David Regan, CEO, commented, "Getting to this first dosing of a patient with our Targeted Hyperthermia Therapy is a milestone achieved through the culmination of years of research, toil and many preclinical studies. We plan to follow this critical first clinical step quickly with a second, more expansive human trial following further engagement with regulators, as well as a peer-reviewed article in a leading scientific journal detailing our findings. We also expect the learnings from this study to help inform on THT’s potential for complementing the treatment of other cancer types."
About the Study
The study is designed to assess THT’s safety, tolerability, and preliminary efficacy as measured by tumor growth inhibition and the extent to which it causes immune system engagement with the cancer. The study includes two treatments of Sona’s THT, one week apart, for patients with advanced melanoma who are, or have been on, standard of care immunotherapy protocols but have failed to respond or progressed during treatment. The study is anticipated to generate an initial read out of results this summer, with final results expected in the fall.
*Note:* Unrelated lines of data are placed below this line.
Lemma dominated_graph_extend : ~ (exists v, G (x, v)) ->
  exists2 G' : set (X * R), dominated_graph G' & G `<` G'.
Proof.
move=> x_notin; have [G_lin G_fun G_le] := G_dom.
have [c c_spec] := dominated_graph_extension_value.
pose G' := [set p | exists y v t, G (y, v) /\ p = (y + t *: x, v + t * c)].
exists G'; last first.
  split; first by move=> [y v] Gyv; exists y, v, 0; rewrite scale0r mul0r !addr0.
  move=> G'G; apply: x_notin; exists c; apply: G'G.
  by exists 0, 0, 1; rewrite scale1r mul1r !add0r.
split.
- move=> t _ _ _ _ [y1 [v1 [t1 [G1 [-> ->]]]]] [y2 [v2 [t2 [G2 [-> ->]]]]].
  exists (t *: y1 + y2), (t * v1 + v2), (t * t1 + t2); split; first exact: G_lin.
  congr (_, _); last by ring.
  by rewrite scalerDr scalerDl scalerA addrACA.
- move=> z v w [y1 [v1 [t1 [G1 [e1 ->]]]]] [y2 [v2 [t2 [G2 [e2 ->]]]]].
  have e : y1 + t1 *: x = y2 + t2 *: x by rewrite -e1 -e2.
  have [t12|t12] := eqVneq t1 t2.
    rewrite -t12 in e; move: G1; rewrite (addIr _ e) => G1.
    by rewrite -t12 (G_fun _ _ _ G1 G2).
  exfalso; apply: x_notin.
  have x_eq : x = (t1 - t2)^-1 *: (-1 *: y1 + y2).
    have -> : -1 *: y1 + y2 = (t1 - t2) *: x.
      rewrite scaleN1r addrC; apply/eqP.
      by rewrite subr_eq scalerBl addrAC [_ + y1]addrC e addrK.
    by rewrite scalerA mulVf ?scale1r // subr_eq0.
  by eexists; rewrite x_eq; exact: dominated_graph_scale (G_lin _ _ _ _ _ G1 G2).
- move=> z v [y [v1 [t [Gyv [-> ->]]]]].
  have [t_lt0|t_gt0|->] := ltgtP t 0.
  + have := c_spec (- t) _ _ _ Gyv; rewrite oppr_gt0 => /(_ t_lt0) [_].
    by rewrite mulNr opprK scaleNr opprK.
  + by have [] := c_spec t _ _ t_gt0 Gyv.
  + by rewrite scale0r mul0r !addr0; exact: G_le.
Qed.

End Extension.

Theorem norming_functional a : a != 0 -> exists phi : X -> R,
  [/\ linear_functional phi, forall x, `|phi x| <= `|x| & phi a = `|a|].
Proof.
move=> a_neq0; have line_dom := line_graph_dominated a_neq0.
(* [set0] is admitted so that the empty chain has an upper bound. *)
pose P G := dominated_graph G /\ (G = set0 \/ line_graph a `<=` G).
have P_chain F : F `<=` P -> total_on F subset -> P (\bigcup_(G in F) G).
  move=> FP F_tot; split; first by apply: dominated_graph_bigcup => // G /FP[].
  have [[G [FG lineG]]|no_line] := pselect (exists G, F G /\ line_graph a `<=` G).
    by right => p /lineG Gp; exists G.
  left; apply/seteqP; split => // p [G FG Gp].
  have [_ [G0|lineG]] := FP _ FG; first by rewrite G0 in Gp.
  by exfalso; apply: no_line; exists G.
have [M [[M_dom M_line] M_max]] := Zorn_bigcup P_chain.
have line_M : line_graph a `<=` M.
  case: M_line => // M0; exfalso; apply: (M_max (line_graph a)); last by split; [|right].
  by rewrite M0; split => // /(_ (0 *: a, 0 * `|a|)); apply; exists 0.
have M_total x : exists v, M (x, v).
  apply: contrapT => x_notin.
  have [|G' G'_dom MG'] := dominated_graph_extend M_dom _ x_notin.
    by have := line_M (0 *: a, 0 * `|a|) (ex_intro _ 0 erefl); rewrite scale0r mul0r.
  by apply: (M_max G') => //; split; [|right; exact: subset_trans (properW MG')].
have [M_lin M_fun M_le] := M_dom.
pose phi x := xget 0 [set v | M (x, v)].
have M_phi x : M (x, phi x) by exact: (xgetPex 0 (M_total x)).
have phi_lin : linear_functional phi.
  by move=> t x y; apply: M_fun (M_phi _) (M_lin _ _ _ _ _ _ _).
exists phi; split => //.
- move=> x; rewrite ler_norml M_le // andbT.
  by rewrite lerNl -linear_functionalN // -(normrN x) M_le.
- apply: M_fun (M_phi a) _; have := line_M (1 *: a, 1 * `|a|) (ex_intro _ 1 erefl).
  by rewrite scale1r mul1r.
Qed.

End NormingFunctional.

Section NonvanishingFunctional.
Variables (R : realType) (X : normedModType R) (a : nat -> X) (phi : nat -> X -> R).
Hypotheses (phi_lin : forall k, linear_functional (phi k))
  (phi_le : forall k x, `|phi k x| <= `|x|) (phi_a : forall k, phi k (a k) != 0).

Definition partial_sum (s : seq R) x := \sum_(0 <= k < size s) s`_k * phi k x.

(* The next coefficient is at most half the previous one, and small enough
   that the tail of the series cannot cancel the partial sum at the previous
   vector; it is halved when its own partial sum at [a (size s)] would vanish. *)
Definition coef_bound (s : seq R) : R :=
  if size s is j.+1
  then Num.min (s`_j / 2) (`|partial_sum s (a j)| / (4 * (`|a j| + 1))) else 1.

Definition next_coef s :=
  let b := coef_bound s in
  if partial_sum s (a (size s)) + b * phi (size s) (a (size s)) == 0 then b / 2 else b.

Fixpoint coefs n := if n is n.+1 then rcons (coefs n) (next_coef (coefs n)) else [::].

Definition coef k := next_coef (coefs k).

Definition term x k := coef k * phi k x.

Lemma size_coefs n : size (coefs n) = n.
Proof. by elim: n => //= n IH; rewrite size_rcons IH. Qed.

Lemma nth_coefs n k : (k < n)%N -> (coefs n)`_k = coef k.
Proof.
elim: n => // n IH; rewrite ltnS leq_eqVlt => /orP[/eqP->|kn] /=;
  rewrite nth_rcons size_coefs ?ltnn ?eqxx // kn; exact: IH.
Qed.

Lemma partial_sum_coefs n x : partial_sum (coefs n) x = series (term x) n.
Proof.
rewrite /partial_sum size_coefs seriesEnat /=.
by apply: eq_big_nat => k /andP[_ kn]; rewrite nth_coefs.
Qed.

Lemma next_coef_spec j : 0 < coef_bound (coefs j) ->
  [/\ 0 < coef j, series (term (a j)) j.+1 != 0 & coef j <= coef_bound (coefs j)].
Proof.
have := phi_a j; rewrite seriesSr {2}/term /coef /next_coef size_coefs partial_sum_coefs.
set b := coef_bound _; set S := series _ j; set p := phi j (a j) => p_neq0 b_gt0.
case: eqP => [S_eq|]; last by split => //; apply/eqP.
split; first by rewrite divr_gt0.
  have -> : S + b / 2 * p = - (b / 2 * p).
    by rewrite -[S](addrK (b * p)) S_eq; field.
  by rewrite oppr_eq0 mulf_neq0 // gt_eqF // divr_gt0.
by rewrite ler_pdivrMr // ler_pMr // ler1n.
Qed.

Lemma coef_bound_gt0 j : 0 < coef_bound (coefs j).
Proof.
elim: j => [|j IH]; first by rewrite /coef_bound /= ltr01.
have [c_gt0 S_neq0 _] := next_coef_spec IH.
rewrite /coef_bound size_coefs nth_coefs // partial_sum_coefs lt_min divr_gt0 //=.
by rewrite divr_gt0 ?normr_gt0 // mulr_gt0 // ltr_pwDr.
Qed.

Lemma coef_gt0 j : 0 < coef j.
Proof. by have [] := next_coef_spec (coef_bound_gt0 j). Qed.

Lemma series_term_neq0 j : series (term (a j)) j.+1 != 0.
Proof. by have [] := next_coef_spec (coef_bound_gt0 j). Qed.

Lemma coef0_le1 : coef 0 <= 1.
Proof. by have [] := next_coef_spec (coef_bound_gt0 0). Qed.

Lemma coefS_le j : coef j.+1 <= coef j / 2 /\
  coef j.+1 <= `|series (term (a j)) j.+1| / (4 * (`|a j| + 1)).
Proof.
have [_ _] := next_coef_spec (coef_bound_gt0 j.+1).
by rewrite /coef_bound size_coefs nth_coefs // partial_sum_coefs le_min => /andP.
Qed.

Lemma sum_coef_le m n : \sum_(m <= k < n) coef k <= 2 * coef m.
Proof.
have [mn|nm] := leqP m n; last first.
  by rewrite big_geq ?(ltnW nm) // mulr_ge0 // ltW // coef_gt0.
suff : \sum_(m <= k < n) coef k + 2 * coef n <= 2 * coef m.
  by have := coef_gt0 n; lra.
rewrite -(subnKC mn); elim: (n - m)%N => [|N IH]; first by rewrite addn0 big_geq // add0r.
rewrite addnS big_nat_recr ?leq_addr //=.
by have [h _] := coefS_le (m + N); lra.
Qed.

Lemma sum_norm_term_le x m n : \sum_(m <= k < n) `|term x k| <= 2 * coef m * `|x|.
Proof.
apply: (@le_trans _ _ (\sum_(m <= k < n) coef k * `|x|)).
  apply: ler_sum => k _; rewrite /term normrM gtr0_norm ?coef_gt0 //.
  by rewrite ler_wpM2l // ltW // coef_gt0.
by rewrite -mulr_suml ler_wpM2r // sum_coef_le.
Qed.

Lemma series_term_cvg x : cvgn (series (term x)).
Proof.
apply: normed_cvg; apply: nondecreasing_is_cvgn.
  by apply/nondecreasing_seqP => k /=; rewrite seriesSr lerDl.
exists (2 * `|x|) => _ [n _ <-]; rewrite /series /=.
apply: le_trans (sum_norm_term_le x 0 n) _.
by apply: ler_wpM2r => //; have := coef0_le1; lra.
Qed.

Definition sum_functional x := limn (series (term x)).

Lemma dist_sum_functional_le x m :
  `|sum_functional x - series (term x) m| <= 2 * coef m * `|x|.
Proof.
have S_cvg : series (term x) @ \oo --> sum_functional x by exact: series_term_cvg.
have tail_le : \forall n \near \oo,
    `|series (term x) n - series (term x) m| <= 2 * coef m * `|x|.
  near=> n; rewrite sub_series_geq; last by near: n; exact: nbhs_infty_ge.
  exact: le_trans (ler_norm_sum _ _ _) (sum_norm_term_le x m n).
rewrite ler_norml; apply/andP; split.
  rewrite lerBrDr; apply: (cvgr_to_ge S_cvg).
  by apply: filterS tail_le => n; rewrite ler_norml => /andP[]; lra.
rewrite lerBlDr; apply: (cvgr_to_le S_cvg).
by apply: filterS tail_le => n; rewrite ler_norml => /andP[]; lra.
Unshelve. all: by end_near.
Qed.

Lemma sum_functional_linear : linear_functional sum_functional.
Proof.
move=> t x y; rewrite /sum_functional.
have -> : term (t *: x + y) = t *: term x + term y.
  by apply/funext => k; rewrite /term phi_lin !fctE mulrDr mulrCA.
rewrite lim_seriesD; last exact: series_term_cvg.
  by rewrite lim_seriesZ //; exact: series_term_cvg.
by apply: is_cvg_seriesZ; exact: series_term_cvg.
Qed.

Lemma norm_sum_functional_le x : `|sum_functional x| <= 2 * `|x|.
Proof.
have := dist_sum_functional_le x 0.
rewrite /series /= big_geq // subr0 => /le_trans; apply.
by apply: ler_wpM2r => //; have := coef0_le1; lra.
Qed.

Lemma sum_functional_neq0 j : sum_functional (a j) != 0.
Proof.
have [_ c_le] := coefS_le j.
have S_gt0 : 0 < `|series (term (a j)) j.+1| by rewrite normr_gt0 series_term_neq0.
have c_gt0 := coef_gt0 j.+1; have a_ge0 := normr_ge0 (a j).
rewrite ler_pdivlMr ?mulr_gt0 ?ltr_pwDr // in c_le.
apply/eqP => f0; have := dist_sum_functional_le (a j) j.+1.
rewrite f0 sub0r normrN; nra.
Qed.

End NonvanishingFunctional.

Lemma exists_functional_nonvanishing (R : realType) (X : normedModType R) (a : nat -> X) :
  (forall n, a n != 0) ->
  exists f : X -> R, cont_lin_functional f /\ forall n, f (a n) != 0.
Proof.
move=> a_neq0; have [phi phi_spec] := choice (fun n => norming_functional (a_neq0 n)).
have phi_lin k : linear_functional (phi k) by have [] := phi_spec k.
have phi_le k x : `|phi k x| <= `|x| by have [] := phi_spec k.
have phi_a k : phi k (a k) != 0 by have [_ _ ->] := phi_spec k; rewrite normr_eq0.
exists (sum_functional a phi); split; last exact: sum_functional_neq0.
split; first exact: sum_functional_linear.
apply: (bounded_linear_functional_continuous (sum_functional_linear _ _ _) (C := 2)) => //.
exact: norm_sum_functional_le.
Qed.

Lemma infinite_set_seq (T : pointedType) (A : set T) :
  ~ finite_set A -> exists a : nat -> T, (forall n, A (a n)) /\ injective a.
Proof.
move=> /infiniteP/pcard_leP[a]; exists a; split; first by move=> n; exact: funS.
by move=> m n; apply: inj; rewrite inE.
Qed.

Lemma exists_nonzero_left_kernel (F : fieldType) n m (M : 'M[F]_(n, m)) :
  (m < n)%N -> exists2 v : 'rV_n, v != 0 & v *m M = 0.
Proof.
move=> mn; have /rowV0Pn[v /sub_kermxP vM v_neq0] : kermx M != 0.
  by rewrite kermx_eq0 /row_free neq_ltn (leq_ltn_trans (rank_leq_col M)).
by exists v.
Qed.

Lemma weak_nbhs0_combination (R : realType) (X : normedModType R) (U : set X) :
  weak_nbhs0 U -> exists m, forall b : 'I_m.+1 -> X, exists r : 'I_m.+1 -> R,
    (exists i, r i != 0) /\ forall t, U (\sum_i (t * r i) *: b i).
Proof.
move=> [m [g [eps [g_cont eps_gt0 gU]]]]; exists m => b.
pose M := \matrix_(i < m.+1, j < m) g j (b i).
have [v /matrix0Pn[i0 [i vi_neq0]] vM] := exists_nonzero_left_kernel M (ltnSn m).
exists (v 0); split; first by exists i; rewrite -(ord1 i0).
move=> t; apply: gU => j /=; have g_lin := (g_cont j).1.
rewrite linear_functional_sum //.
under eq_bigr do rewrite linear_functionalZ // -mulrA.
have := congr1 (fun w : 'rV_m => w 0 j) vM; rewrite !mxE => v_ker.
rewrite -mulr_sumr (eq_bigr (fun k => v 0 k * M k j)) => [|k _]; last by rewrite mxE.
by rewrite v_ker mulr0 normr0.
Qed.

Theorem proposition4p7 (R : realType) (X : normedModType R) (A : set X) :
  weak_top_lin_indep A -> finite_set A.
Proof.
move=> [A_neq0 A_indep]; apply: contrapT => /infinite_set_seq[a [Aa a_inj]].
have a_neq0 n : a n != 0 by apply/eqP; exact: A_neq0 (Aa n).
have [f [[f_lin f_cont] fa_neq0]] := exists_functional_nonvanishing a_neq0.
have W_nbhs : weak_nbhs0 [set x | `|f x| < 1].
  by exists 1%N, (fun _ => f), 1; split => // x /(_ ord0).
have [U [/weak_nbhs0_combination[m U_comb] U_indep]] := A_indep _ W_nbhs.
have [r [[i0 r_i0] U_r]] := U_comb (fun i => a i).
pose t := (r i0 * f (a i0))^-1.
pose rho x := t * \sum_(i < m.+1 | a i == x) r i.
have rho_a (i : 'I_m.+1) : rho (a i) = t * r i.
  by rewrite /rho (eq_bigl (pred1 i)) ?big_pred1_eq // => k /=; rewrite (inj_eq a_inj).
pose F := [seq a (val i) | i <- enum 'I_m.+1].
have F_uniq : uniq F by rewrite map_inj_uniq ?enum_uniq // => i j /a_inj/val_inj.
have F_A : {subset F <= A} by move=> _ /mapP[i _ ->]; apply/mem_set.
have U_F : U (\sum_(x <- F) rho x *: x).
  by rewrite big_map big_enum /=; under eq_bigr do rewrite rho_a; exact: U_r.
have a_i0F : a i0 \in F by apply/mapP; exists i0; rewrite ?mem_enum.
have := U_indep F rho F_uniq F_A U_F _ a_i0F.
by rewrite /= linear_functionalZ // rho_a -mulrA mulVf ?normr1 ?ltxx // mulf_neq0.
Qed.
Technology will be evaluated for:
Ease of setting up and preparation for the treatment
Ease of administration of GNR’s in a variety of different tumors
Reproducibility in the clinical setting, i.e. the ability to train others to use the technology
Resource requirements, i.e. what additional resources are required in the clinical setting
Time required to administer the treatment in the clinical setting
Participants will be evaluated for:
Tolerability to the treatment itself
Adverse events during and following treatment
Clinical response, i.e. did the tumor change in any way after treatment
Pathological immune response, i.e. histological evidence of immune activation in the tumor that is directly relatable to the treatment itself.
Sona Nanotech believes that its THT cancer treatment may provide benefits over current standard of care immunotherapy treatments alone which have shown limited response rates and can have undesirable side effects.